**Task to complete**
In the records below, which lines include "Notation"? Copy them.

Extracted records
[Start of Attachment]

(* For any $n\geq 2$, the set $$\{{\sf Sum}(\sigma T_{k,1,n})\mid \sigma\in S_n,\ \sigma(k+1)=1,\ 1\leq k\leq n-1\}$$ is a basis of the free abelian group ${\rm Ker}(\beta_n)$, where $\sigma T=\{\sigma\circ\tau\mid\tau\in T\}$. In particular, the rank of ${\rm Ker}(\beta_n)$ equals $(n-1)!\cdot(n-1)$.
   Context: $S_m$ is the symmetric group on $\{1,\dots,m\}$ with product given by composition. Let $\mathbb Z\langle x_1,\dots,x_n\rangle$ be the free associative ring on $x_1,\dots,x_n$, with bracket $[u,v]=uv-vu$ and left-normed brackets $[u_1,\dots,u_r]=[[u_1,\dots,u_{r-1}],u_r]$. Let $\gamma_n$ be the additive subgroup generated by the monomials $x_{\sigma(1)}\cdots x_{\sigma(n)}$, $\sigma\in S_n$ (free abelian with these as basis); $\beta_n:\gamma_n\to\gamma_n$ is the homomorphism with $\beta_n(x_{\sigma(1)}\cdots x_{\sigma(n)})=[x_{\sigma(1)},\dots,x_{\sigma(n)}]$; for $T\subseteq S_n$, ${\sf Sum}(T)=\sum_{\sigma\in T}x_{\sigma(1)}\cdots x_{\sigma(n)}$. For $m\leq n$, $\iota_{m,n}:S_m\hookrightarrow S_n$ is the canonical embedding. An $(s,t)$-shuffle is a pair $(\alpha,\beta)$ of strictly increasing maps $\alpha:\{1,\dots,s\}\to\{1,\dots,s+t\}$, $\beta:\{1,\dots,t\}\to\{1,\dots,s+t\}$ with disjoint images; ${\sf Sh}^1(s,t)$ is the set of those with $\alpha(1)=1$. For $p,q\geq1$, $0\leq i\leq q-1$ and $(\alpha,\beta)\in{\sf Sh}^1(q-i,i)$, let $\tilde\sigma_{\alpha,\beta,p,q}\in S_{p+q}$ be given by $\tilde\sigma(j)=j$ for $1\leq j\leq p$, $\tilde\sigma(p+j)=p+\beta(i+1-j)$ for $1\leq j\leq i$, $\tilde\sigma(p+i+j)=p+\alpha(j)$ for $1\leq j\leq q-i$; let $\sigma_{\alpha,\beta,p,q}=\tilde\sigma_{\alpha,\beta,p,q}\circ(1,2)^i$ where $(1,2)$ is the transposition. Set $C_{p,q}=\{\sigma_{\alpha,\beta,p,q}\mid 0\leq i\leq q-1,\ (\alpha,\beta)\in{\sf Sh}^1(q-i,i)\}\subseteq S_{p+q}$. $\Phi_{k,l}\in S_{k+l}$ is defined by $\Phi_{k,l}(i)=i+k$ if $i\leq l$ and $\Phi_{k,l}(i)=i-l$ if $i>l$. Define $T_{k,l}=C_{k,l}\cup\{\Phi_{k,l}\circ\tau\mid\tau\in C_{l,k}\}\subseteq S_{k+l}$ and $T_{k,l,n}=\iota_{k+l,n}(T_{k,l})$ for $k+l\leq n$. *)

(* All indices are 0-based: the letter x_{i+1} is encoded by
   the nat i, and a permutation s : 'S_n of {0,..,n-1} encodes the paper's
   permutation j |-> s(j-1)+1 of {1,..,n}. *)
From HB Require Import structures.
From mathcomp Require Import all_boot all_order all_algebra all_fingroup.
Set Implicit Arguments. Unset Strict Implicit. Unset Printing Implicit Defensive.
Import GRing.Theory.
Local Open Scope ring_scope.

(* An element is a formal finite Z-combination of words (seq nat);
   its coefficient at a word w is ncoef p w. *)
Definition npoly := seq (int * seq nat).
Definition ncoef (p : npoly) (w : seq nat) : int :=
  \sum_(a <- p | a.2 == w) a.1.
Definition nmul (p q : npoly) : npoly :=
  [seq (a.1 * b.1, a.2 ++ b.2) | a <- p, b <- q].
Definition nsub (p q : npoly) : npoly := p ++ [seq (- a.1, a.2) | a <- q].
Definition nbr (p q : npoly) : npoly := nsub (nmul p q) (nmul q p).
Definition nletter (x : nat) : npoly := [:: (1, [:: x])].
Definition lbr (w : seq nat) : npoly :=
  match w with
  | [::] => [::]
  | x :: xs => foldl (fun acc y => nbr acc (nletter y)) (nletter x) xs
  end.
Definition is_subgroup_Sym {X : Type} (eqv : X -> X -> Prop)
  (P : (X -> X) -> Prop) : Prop :=
  (forall f, P f -> in_Sym eqv f) /\
  P (fun x => x) /\
  (forall f g, P f -> P g -> P (rmul f g)) /\
  (forall f g, P f -> (forall x, g (f x) = x) -> (forall x, f (g x) = x) -> P g).

Inductive gen {X : Type} (S : (X -> X) -> Prop) : (X -> X) -> Prop :=
| gen_id : gen S (fun x => x)
| gen_base f : S f -> gen S f
| gen_mul f g : gen S f -> gen S g -> gen S (rmul f g)
| gen_inv f g : gen S f -> (forall x, g (f x) = x) -> (forall x, f (g x) = x) -> gen S g.

Definition little_proj {X : Type} (U : X -> (X -> X) -> Prop) : (X -> X) -> Prop :=
  gen (fun f => exists x, U x f).

Definition local_moufang_set {X : Type} (eqv : X -> X -> Prop)
  (U : X -> (X -> X) -> Prop) : Prop :=
  Equivalence eqv /\
  (exists a b c, ~ eqv a b /\ ~ eqv a c /\ ~ eqv b c) /\
  (forall x, is_subgroup_Sym eqv (U x)) /\
  (* LM0: x ~ y  ->  Ubar_x = Ubar_y *)
  (forall x y, eqv x y ->
     forall u, U x u -> exists v, U y v /\ forall z, eqv (u z) (v z)) /\
  (forall x u, U x u -> u x = x) /\
  (forall x y z, ~ eqv y x -> ~ eqv z x ->
     exists u, U x u /\ u y = z /\ forall u', U x u' -> u' y = z -> u' = u) /\
  (* LM1': Ubar_x fixes xbar and is sharply transitive on Xbar \ {xbar} *)
  (forall x u, U x u -> eqv (u x) x) /\
  (forall x y z, ~ eqv y x -> ~ eqv z x -> exists u, U x u /\ eqv (u y) z) /\
  (forall x y u v, ~ eqv y x -> U x u -> U x v -> eqv (u y) (v y) ->
     forall w, eqv (u w) (v w)) /\
  (* LM2: U_x^g = U_{xg} for g in G;  v = g^-1 u g  iff  v o g = g o u *)
  (forall x g, little_proj U g ->
     forall v, U (g x) v <-> exists u, U x u /\ comp v g = comp g u).

Definition is_alpha {X : Type} (U : X -> (X -> X) -> Prop) (zero inf x : X)
  (a : X -> X) : Prop := U inf a /\ a zero = x.

Definition is_mu {X : Type} (U : X -> (X -> X) -> Prop) (zero inf x : X)
  (m : X -> X) : Prop :=
  (exists u1 a u2, U zero u1 /\ is_alpha U zero inf x a /\ U zero u2 /\
                   m = rmul (rmul u1 a) u2) /\
  m zero = inf /\ m inf = zero.

Definition is_unit {X : Type} (eqv : X -> X -> Prop) (zero inf x : X) : Prop :=
  ~ eqv x zero /\ ~ eqv x inf.

Definition hua {X : Type} (eqv : X -> X -> Prop) (U : X -> (X -> X) -> Prop)
  (zero inf : X) : (X -> X) -> Prop :=
  gen (fun f => exists x y mx my,
         is_unit eqv zero inf x /\ is_unit eqv zero inf y /\
         is_mu U zero inf x mx /\ is_mu U zero inf y my /\ f = rmul mx my).

Definition U_circ {X : Type} (eqv : X -> X -> Prop) (U : X -> (X -> X) -> Prop)
  (zero : X) (u : X -> X) : Prop :=
  U zero u /\ forall z, eqv (u z) z.

(* Let S be U_0 H U_inf together with U_0 H tau U_0°; it contains the identity.
   Since H fixes 0 and inf it normalises U_0 and U_inf, and tau^2 lies in H; together
   with the factorisations mu_x = u1 alpha_x u2 (u1, u2 in U_0) and the sharp
   transitivity of the root groups on points and on classes, this shows that S is
   closed under right multiplication by tau, tau^-1, U_0 and U_inf.  Every root group
   is conjugate to U_0 or U_inf, so S is stable under G and therefore contains G.
   An element of the second cell maps 0 into the class of inf, so G_0 = U_0 H; and
   an element u h of U_0 H fixing inf has u = 1, so G_{0,inf} = H. *)

From Stdlib Require Import RelationClasses Setoid FunctionalExtensionality
  Classical ClassicalEpsilon.

Local Infix "·" := rmul (at level 40, left associativity).

(* For a non-bijective [f] this is only some choice of preimages. *)
Definition ginv {X : Type} (f : X -> X) : X -> X :=
  fun y => epsilon (inhabits y) (fun x => f x = y).

Local Notation "f ^-1" := (ginv f) (at level 2, format "f ^-1").

Local Ltac fext := let z := fresh "z" in apply functional_extensionality; intro z; unfold rmul.

Section Bijections.

Context {X : Type}.
Implicit Types (f g : X -> X) (B : (X -> X) -> Prop).

Lemma ginv_r {f} y : is_bij f -> f (f^-1 y) = y.
Proof.
  intros [g [_ Hfg]].
  apply (epsilon_spec (inhabits y) (fun x => f x = y)).
  exists (g y); apply Hfg.
Qed.

Lemma ginv_l {f} x : is_bij f -> f^-1 (f x) = x.
Proof.
  intros Hf. pose proof (ginv_r (f x) Hf) as E.
  destruct Hf as [g [Hgf _]].
  now rewrite <- (Hgf (f^-1 (f x))), E, Hgf.
Qed.

Lemma gen_bij B f : (forall b, B b -> is_bij b) -> gen B f -> is_bij f.
Proof.
  intros HB Hf.
  induction Hf as [| b Hb | f g _ [f' [Hf1 Hf2]] _ [g' [Hg1 Hg2]] | f g _ _ Hgf Hfg].
  - now exists (fun x => x).
  - auto.
  - exists (fun x => f' (g' x)); unfold rmul; split; intro x.
    + now rewrite Hg1, Hf1.
    + now rewrite Hf2, Hg2.
  - now exists f.
Qed.

Lemma gen_Sym (eqv : X -> X -> Prop) B f :
  (forall b, B b -> in_Sym eqv b) -> gen B f -> in_Sym eqv f.
Proof.
  intros HB Hf. split; [exact (gen_bij B f (fun b Hb => proj1 (HB b Hb)) Hf) |].
  induction Hf as [| b Hb | f g _ IHf _ IHg | f g _ IHf Hgf Hfg]; intros x y.
  - reflexivity.
  - apply HB, Hb.
  - unfold rmul. rewrite (IHf x y). apply IHg.
  - rewrite (IHf (g x) (g y)), !Hfg. reflexivity.
Qed.

(* Induction on [gen B] must carry the two-sided inverses along, since [gen_inv]
   only knows its argument as an inverse. *)
Lemma gen_preserves B (P : (X -> X) -> Prop) :
  (forall b, B b -> is_bij b) ->
  (forall b b', B b -> (forall x, b' (b x) = x) -> (forall x, b (b' x) = x) -> B b') ->
  (forall b s, B b -> P s -> P (s · b)) ->
  forall f s, gen B f -> P s -> P (s · f).
Proof.
  intros Bbij Binv Bstab f s Hf. revert s.
  enough (K : (forall s, P s -> P (s · f)) /\
              forall f', (forall x, f' (f x) = x) -> (forall x, f (f' x) = x) ->
                         forall s, P s -> P (s · f')) by exact (proj1 K).
  induction Hf as [| b Hb | f g Hf [IHf IHf'] Hg [IHg IHg'] | f g _ [IHf IHf'] Hgf Hfg].
  - split; [intros s Hs; exact Hs |].
    intros f' Hf' _ s Hs.
    replace f' with (fun x : X => x) by (fext; symmetry; apply Hf').
    exact Hs.
  - split; [auto |]. intros b' Hb1 Hb2 s Hs. apply Bstab; eauto.
  - split; [intros s Hs; exact (IHg _ (IHf _ Hs)) |].
    intros k _ Hk2 s Hs.
    pose proof (gen_bij B f Bbij Hf) as Bf. pose proof (gen_bij B g Bbij Hg) as Bg.
    replace k with (g^-1 · f^-1).
    + apply (IHf' _ (fun x => ginv_l x Bf) (fun x => ginv_r x Bf)),
        (IHg' _ (fun x => ginv_l x Bg) (fun x => ginv_r x Bg)), Hs.
    + fext. rewrite <- (Hk2 z) at 1. unfold rmul. now rewrite !ginv_l.
  - split; [exact (IHf' g Hgf Hfg) |].
    intros k _ Hk2 s Hs.
    replace k with f; [exact (IHf _ Hs) |].
    fext. now rewrite <- (Hfg (k z)), Hk2.
Qed.

End Bijections.

Section LocalMoufangSet.

Context {X : Type} {eqv : X -> X -> Prop} {U : X -> (X -> X) -> Prop}.
Hypothesis HM : local_moufang_set eqv U.

Local Notation G := (little_proj U).

#[local] Instance eqv_Equivalence : Equivalence eqv.
Proof. apply HM. Qed.

Lemma Sym_eqv_iff {f} a b : in_Sym eqv f -> (eqv (f a) (f b) <-> eqv a b).
Proof. intros [_ Hf]. symmetry. apply Hf. Qed.

Lemma root_subgroup x : is_subgroup_Sym eqv (U x).
Proof. destruct HM as (_ & _ & Hsub & _). apply Hsub. Qed.

Lemma root_Sym {x u} : U x u -> in_Sym eqv u.
Proof. apply (root_subgroup x). Qed.

Lemma root_bij {x u} : U x u -> is_bij u.
Proof. intros Hu. apply (root_Sym Hu). Qed.

Lemma root_id x : U x (fun y => y).
Proof. apply (root_subgroup x). Qed.

Lemma root_mul {x u v} : U x u -> U x v -> U x (u · v).
Proof. apply (root_subgroup x). Qed.

Lemma root_inv {x u u'} :
  U x u -> (forall y, u' (u y) = y) -> (forall y, u (u' y) = y) -> U x u'.
Proof. apply (root_subgroup x). Qed.

Lemma root_ginv {x u} : U x u -> U x u^-1.
Proof.
  intros Hu. apply (root_inv Hu); intro y; [apply ginv_l | apply ginv_r]; exact (root_bij Hu).
Qed.

Lemma root_fix {x u} : U x u -> u x = x.
Proof. destruct HM as (_ & _ & _ & _ & Hfix & _). apply Hfix. Qed.

Lemma root_transitive x y z : ~ eqv y x -> ~ eqv z x -> exists u, U x u /\ u y = z.
Proof.
  intros Hy Hz. destruct HM as (_ & _ & _ & _ & _ & Htrans & _).
  destruct (Htrans x y z Hy Hz) as (u & Hu & Huy & _). eauto.
Qed.

Lemma root_not_eqv {x u} y : U x u -> ~ eqv y x -> ~ eqv (u y) x.
Proof.
  intros Hu Hy K. apply Hy, (Sym_eqv_iff y x (root_Sym Hu)).
  now rewrite (root_fix Hu).
Qed.

Lemma root_eq {x u v} y : U x u -> U x v -> ~ eqv y x -> u y = v y -> u = v.
Proof.
  intros Hu Hv Hy Huv. destruct HM as (_ & _ & _ & _ & _ & Hsharp & _).
  destruct (Hsharp x y (u y) Hy (root_not_eqv y Hu Hy)) as (w & _ & _ & Huniq).
  rewrite (Huniq u Hu eq_refl). symmetry. apply Huniq; [exact Hv | now symmetry].
Qed.

Lemma root_trivial {x u} y : U x u -> ~ eqv y x -> eqv (u y) y -> forall z, eqv (u z) z.
Proof.
  intros Hu Hy K. destruct HM as (_ & _ & _ & _ & _ & _ & _ & _ & Hsharp & _).
  exact (Hsharp x y u _ Hy Hu (root_id x) K).
Qed.

Lemma G_root {x u} : U x u -> G u.
Proof. intros Hu. apply gen_base. now exists x. Qed.

Lemma G_mul {f g} : G f -> G g -> G (f · g).
Proof. apply gen_mul. Qed.

Lemma G_Sym {g} : G g -> in_Sym eqv g.
Proof. apply gen_Sym. intros b [x Hb]. exact (root_Sym Hb). Qed.

Lemma G_bij {g} : G g -> is_bij g.
Proof. intros Hg. apply (G_Sym Hg). Qed.

Lemma G_ginv {g} : G g -> G g^-1.
Proof.
  intros Hg. apply (gen_inv _ Hg); intro x; [apply ginv_l | apply ginv_r]; exact (G_bij Hg).
Qed.

Lemma root_conj {x g u} : G g -> U x u -> U (g x) (g^-1 · u · g).
Proof.
  intros Hg Hu. destruct HM as (_ & _ & _ & _ & _ & _ & _ & _ & _ & Hconj).
  apply (Hconj x g Hg). exists u. split; [exact Hu |].
  fext. unfold comp. now rewrite ginv_l by exact (G_bij Hg).
Qed.

Lemma root_conj_inv {x g v} : G g -> U (g x) v -> U x (g · v · g^-1).
Proof.
  intros Hg Hv. destruct HM as (_ & _ & _ & _ & _ & _ & _ & _ & _ & Hconj).
  apply (Hconj x g Hg) in Hv as (u & Hu & E).
  replace (g · v · g^-1) with u; [exact Hu |].
  fext. change (v (g z)) with (comp v g z). rewrite E. unfold comp.
  now rewrite ginv_l by exact (G_bij Hg).
Qed.

Lemma root_conj_fix {x g u} : G g -> g x = x -> U x u -> U x (g^-1 · u · g).
Proof. intros Hg Hx Hu. rewrite <- Hx at 1. exact (root_conj Hg Hu). Qed.

Lemma root_conj_inv_fix {x g u} : G g -> g x = x -> U x u -> U x (g · u · g^-1).
Proof. intros Hg Hx Hu. rewrite <- Hx in Hu. exact (root_conj_inv Hg Hu). Qed.

Lemma class_trivial_conj {g w} : G g -> (forall z, eqv (w z) z) ->
  forall z, eqv ((g^-1 · w · g) z) z.
Proof.
  intros Hg Hw z. unfold rmul. rewrite <- (ginv_r z (G_bij Hg)) at 2.
  apply (Sym_eqv_iff _ _ (G_Sym Hg)), Hw.
Qed.

Section Basis.

Context {zero inf : X}.
Hypothesis Hbasis : ~ eqv zero inf.

Local Notation Hua := (hua eqv U zero inf).
Local Notation Unit := (is_unit eqv zero inf).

[End of Attachment]

**Solution for this problem**
Local Notation "f ^-1" := (ginv f) (at level 2, format "f ^-1").
Local Notation G := (little_proj U).
Local Notation Hua := (hua eqv U zero inf).
Local Notation Unit := (is_unit eqv zero inf).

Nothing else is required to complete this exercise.